(* (I-optimality bounds.) In the setting of the context, every $I$-optimal design $\mathbf d^*$ with $\boldsymbol\Sigma^*=\mathbf M(\mathbf d^* )^{-1}=(c^*_{jk})$ satisfies, for all $j,k\in\{1,\dots,m\}$, $$|c^*_{jk}|\le\alpha\big[(\mathbf F\mathbf F')^{-1}_{jj}(\mathbf F\mathbf F')^{-1}_{kk}\big]^{1/2},$$ and for $j\ne k$, $$|c^*_{jk}|\le\frac{\alpha}{2}\lambda_{\max}\big(\mathbf E_{jk}'(\mathbf F\mathbf F')^{-1}\mathbf E_{jk}\big),$$ where $\alpha=\mathrm{tr}(\mathbf F'\mathbf M(\mathbf d_0)^{-1}\mathbf F)$.
   Context: $\mathbf f_1,\dots,\mathbf f_n\in\mathbb R^m$ span $\mathbb R^m$, $2\le m\le N\le n$, and $\mathbf F=(\mathbf f_1,\dots,\mathbf f_n)$ ($m\times n$). A (binary) design is $\mathbf d\in\{0,1\}^n$ with $\sum_i d_i=N$, with information matrix $\mathbf M(\mathbf d)=\sum_i d_i\mathbf f_i\mathbf f_i'$. An $I$-optimal design minimizes $\sum_{i=1}^n\mathbf f_i'\mathbf M(\mathbf d)^{-1}\mathbf f_i=\mathrm{tr}(\mathbf F'\mathbf M(\mathbf d)^{-1}\mathbf F)$ over designs with nonsingular $\mathbf M(\mathbf d)$. $\mathbf d_0$ is a design with nonsingular $\mathbf M(\mathbf d_0)$. $\mathbf E_{jk}=(\mathbf e_j,\mathbf e_k)$ with $\mathbf e_j$ the $j$-th unit vector; $\mathbf A_{jj}$ is the $(j,j)$ entry; $\lambda_{\max}$ the largest eigenvalue. *)

From HB Require Import structures.
From mathcomp Require Import all_boot all_order all_algebra.
Set Implicit Arguments. Unset Strict Implicit. Unset Printing Implicit Defensive.
Import Order.TTheory GRing.Theory Num.Theory.
Local Open Scope ring_scope.

Section Defs.
Variable R : rcfType.

(* A binary design with N runs among n candidate points. *)
Definition is_design (n N : nat) (d : 'I_n -> bool) : Prop :=
  (\sum_(i < n) (d i : nat))%N = N.

Definition info_mx (m n : nat) (F : 'M[R]_(m, n)) (d : 'I_n -> bool) : 'M[R]_m :=
  \sum_(i < n) (d i)%:R *: (col i F *m (col i F)^T).

Definition Icrit (m n : nat) (F : 'M[R]_(m, n)) (d : 'I_n -> bool) : R :=
  \tr (F^T *m invmx (info_mx F d) *m F).

Definition I_optimal (m n N : nat) (F : 'M[R]_(m, n)) (d : 'I_n -> bool) : Prop :=
  [/\ is_design N d, info_mx F d \in unitmx &
      forall d' : 'I_n -> bool, is_design N d' -> info_mx F d' \in unitmx ->
        Icrit F d <= Icrit F d'].

Definition Ejk (m : nat) (j k : 'I_m) : 'M[R]_(m, 1 + 1) :=
  row_mx (delta_mx j ord0) (delta_mx k ord0).

Definition is_lambda_max (p : nat) (A : 'M[R]_p) (lam : R) : Prop :=
  eigenvalue A lam /\ (forall mu, eigenvalue A mu -> mu <= lam).
End Defs.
▬▬▬▬▬▬
● **WHAT TO WORK ON**: Copy out each line carrying the string "Icrit" from the data.

● **RESULT FOR THIS TASK**:
Definition Icrit (m n : nat) (F : 'M[R]_(m, n)) (d : 'I_n -> bool) : R :=
        Icrit F d <= Icrit F d'].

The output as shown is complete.